- ACTION ITEM -
Produce word for word the lines of the data below running from the one that has "have [eCv|neCv] := eqVneq" to the one that has "have [-> /=|neBv /=] := eqVneq B v.", inclusive, and no others.

EXTRACTED RECORDS: Begin

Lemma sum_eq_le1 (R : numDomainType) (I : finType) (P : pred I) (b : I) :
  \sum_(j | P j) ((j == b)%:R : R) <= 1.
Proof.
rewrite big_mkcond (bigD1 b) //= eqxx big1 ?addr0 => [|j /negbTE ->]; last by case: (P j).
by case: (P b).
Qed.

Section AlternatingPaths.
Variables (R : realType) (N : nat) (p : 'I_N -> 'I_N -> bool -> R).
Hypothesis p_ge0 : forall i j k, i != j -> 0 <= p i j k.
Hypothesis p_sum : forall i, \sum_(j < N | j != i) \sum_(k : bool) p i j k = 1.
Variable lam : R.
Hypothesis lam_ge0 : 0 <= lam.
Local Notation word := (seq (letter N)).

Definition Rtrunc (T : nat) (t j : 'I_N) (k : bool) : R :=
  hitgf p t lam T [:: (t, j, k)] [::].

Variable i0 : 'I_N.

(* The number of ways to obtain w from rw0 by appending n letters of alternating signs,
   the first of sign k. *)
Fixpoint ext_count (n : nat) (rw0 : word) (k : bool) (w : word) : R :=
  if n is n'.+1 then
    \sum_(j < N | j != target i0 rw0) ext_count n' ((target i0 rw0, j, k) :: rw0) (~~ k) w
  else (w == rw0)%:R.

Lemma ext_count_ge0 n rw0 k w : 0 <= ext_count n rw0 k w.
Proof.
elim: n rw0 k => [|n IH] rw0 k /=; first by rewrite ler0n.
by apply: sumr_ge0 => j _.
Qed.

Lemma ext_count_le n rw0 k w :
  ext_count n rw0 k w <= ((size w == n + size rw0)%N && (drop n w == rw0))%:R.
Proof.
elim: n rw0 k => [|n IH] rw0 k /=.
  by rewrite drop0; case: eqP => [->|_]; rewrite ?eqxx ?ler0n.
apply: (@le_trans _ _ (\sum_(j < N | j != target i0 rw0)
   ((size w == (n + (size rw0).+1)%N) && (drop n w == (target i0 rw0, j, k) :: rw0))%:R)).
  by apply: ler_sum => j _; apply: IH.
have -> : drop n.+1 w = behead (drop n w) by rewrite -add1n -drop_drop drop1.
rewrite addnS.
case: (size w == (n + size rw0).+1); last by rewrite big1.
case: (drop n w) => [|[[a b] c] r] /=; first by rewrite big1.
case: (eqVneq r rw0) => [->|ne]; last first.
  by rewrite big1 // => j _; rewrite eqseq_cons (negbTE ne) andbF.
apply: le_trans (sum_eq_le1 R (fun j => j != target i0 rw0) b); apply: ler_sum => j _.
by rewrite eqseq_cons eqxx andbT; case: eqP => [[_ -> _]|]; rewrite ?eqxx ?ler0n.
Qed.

EXTRACTED RECORDS: End
EXTRACTED RECORDS: Begin

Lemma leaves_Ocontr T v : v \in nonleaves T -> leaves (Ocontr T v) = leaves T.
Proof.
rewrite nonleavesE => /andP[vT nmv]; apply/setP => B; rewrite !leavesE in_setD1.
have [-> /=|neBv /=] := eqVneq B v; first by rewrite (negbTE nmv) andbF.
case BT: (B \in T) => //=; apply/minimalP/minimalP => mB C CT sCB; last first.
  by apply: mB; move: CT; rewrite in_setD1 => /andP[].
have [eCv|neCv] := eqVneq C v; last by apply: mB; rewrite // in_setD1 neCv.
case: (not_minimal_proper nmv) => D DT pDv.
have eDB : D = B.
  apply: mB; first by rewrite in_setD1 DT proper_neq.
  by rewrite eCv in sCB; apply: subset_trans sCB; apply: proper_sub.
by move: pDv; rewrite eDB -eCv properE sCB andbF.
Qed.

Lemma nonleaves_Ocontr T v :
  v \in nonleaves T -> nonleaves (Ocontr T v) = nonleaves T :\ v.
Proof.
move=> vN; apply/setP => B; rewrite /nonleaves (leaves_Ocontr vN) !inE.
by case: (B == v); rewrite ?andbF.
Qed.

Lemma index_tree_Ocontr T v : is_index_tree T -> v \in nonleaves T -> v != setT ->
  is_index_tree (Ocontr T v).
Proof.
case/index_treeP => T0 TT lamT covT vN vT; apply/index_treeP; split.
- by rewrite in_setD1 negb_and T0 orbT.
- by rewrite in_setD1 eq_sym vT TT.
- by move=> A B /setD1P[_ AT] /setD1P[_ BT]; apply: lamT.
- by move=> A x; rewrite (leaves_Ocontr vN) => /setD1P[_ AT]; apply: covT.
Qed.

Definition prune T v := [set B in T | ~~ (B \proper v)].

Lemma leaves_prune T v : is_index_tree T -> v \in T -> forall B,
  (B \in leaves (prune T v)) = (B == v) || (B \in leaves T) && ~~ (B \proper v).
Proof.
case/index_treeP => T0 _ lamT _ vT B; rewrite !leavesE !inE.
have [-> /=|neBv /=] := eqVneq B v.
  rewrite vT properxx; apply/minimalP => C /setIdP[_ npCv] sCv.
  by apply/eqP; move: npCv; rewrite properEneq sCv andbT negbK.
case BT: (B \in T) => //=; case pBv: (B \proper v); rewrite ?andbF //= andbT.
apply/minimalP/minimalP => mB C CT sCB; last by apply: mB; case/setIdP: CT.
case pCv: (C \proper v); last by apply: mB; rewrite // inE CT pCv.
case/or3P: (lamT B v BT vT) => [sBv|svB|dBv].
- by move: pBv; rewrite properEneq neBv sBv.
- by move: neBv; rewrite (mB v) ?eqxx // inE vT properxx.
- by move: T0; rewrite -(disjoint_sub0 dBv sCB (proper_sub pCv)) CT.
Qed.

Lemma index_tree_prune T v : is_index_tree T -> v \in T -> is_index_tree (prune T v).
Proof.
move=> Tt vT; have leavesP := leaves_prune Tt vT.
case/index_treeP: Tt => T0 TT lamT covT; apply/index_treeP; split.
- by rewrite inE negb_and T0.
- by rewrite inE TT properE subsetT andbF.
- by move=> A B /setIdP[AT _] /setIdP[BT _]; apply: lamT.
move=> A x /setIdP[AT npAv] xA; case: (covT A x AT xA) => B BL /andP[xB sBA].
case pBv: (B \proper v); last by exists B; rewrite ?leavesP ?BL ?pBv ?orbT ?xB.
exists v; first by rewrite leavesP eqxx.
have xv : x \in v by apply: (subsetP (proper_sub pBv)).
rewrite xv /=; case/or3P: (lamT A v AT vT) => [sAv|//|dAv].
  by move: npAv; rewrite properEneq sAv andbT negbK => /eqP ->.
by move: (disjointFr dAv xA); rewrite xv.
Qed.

EXTRACTED RECORDS: End

- SOLVED PROBLEM -
have [eCv|neCv] := eqVneq C v; last by apply: mB; rewrite // in_setD1 neCv.
case: (not_minimal_proper nmv) => D DT pDv.
have eDB : D = B.
  apply: mB; first by rewrite in_setD1 DT proper_neq.
  by rewrite eCv in sCB; apply: subset_trans sCB; apply: proper_sub.
by move: pDv; rewrite eDB -eCv properE sCB andbF.
Qed.

Lemma nonleaves_Ocontr T v :
  v \in nonleaves T -> nonleaves (Ocontr T v) = nonleaves T :\ v.
Proof.
move=> vN; apply/setP => B; rewrite /nonleaves (leaves_Ocontr vN) !inE.
by case: (B == v); rewrite ?andbF.
Qed.

Lemma index_tree_Ocontr T v : is_index_tree T -> v \in nonleaves T -> v != setT ->
  is_index_tree (Ocontr T v).
Proof.
case/index_treeP => T0 TT lamT covT vN vT; apply/index_treeP; split.
- by rewrite in_setD1 negb_and T0 orbT.
- by rewrite in_setD1 eq_sym vT TT.
- by move=> A B /setD1P[_ AT] /setD1P[_ BT]; apply: lamT.
- by move=> A x; rewrite (leaves_Ocontr vN) => /setD1P[_ AT]; apply: covT.
Qed.

Definition prune T v := [set B in T | ~~ (B \proper v)].

Lemma leaves_prune T v : is_index_tree T -> v \in T -> forall B,
  (B \in leaves (prune T v)) = (B == v) || (B \in leaves T) && ~~ (B \proper v).
Proof.
case/index_treeP => T0 _ lamT _ vT B; rewrite !leavesE !inE.
have [-> /=|neBv /=] := eqVneq B v.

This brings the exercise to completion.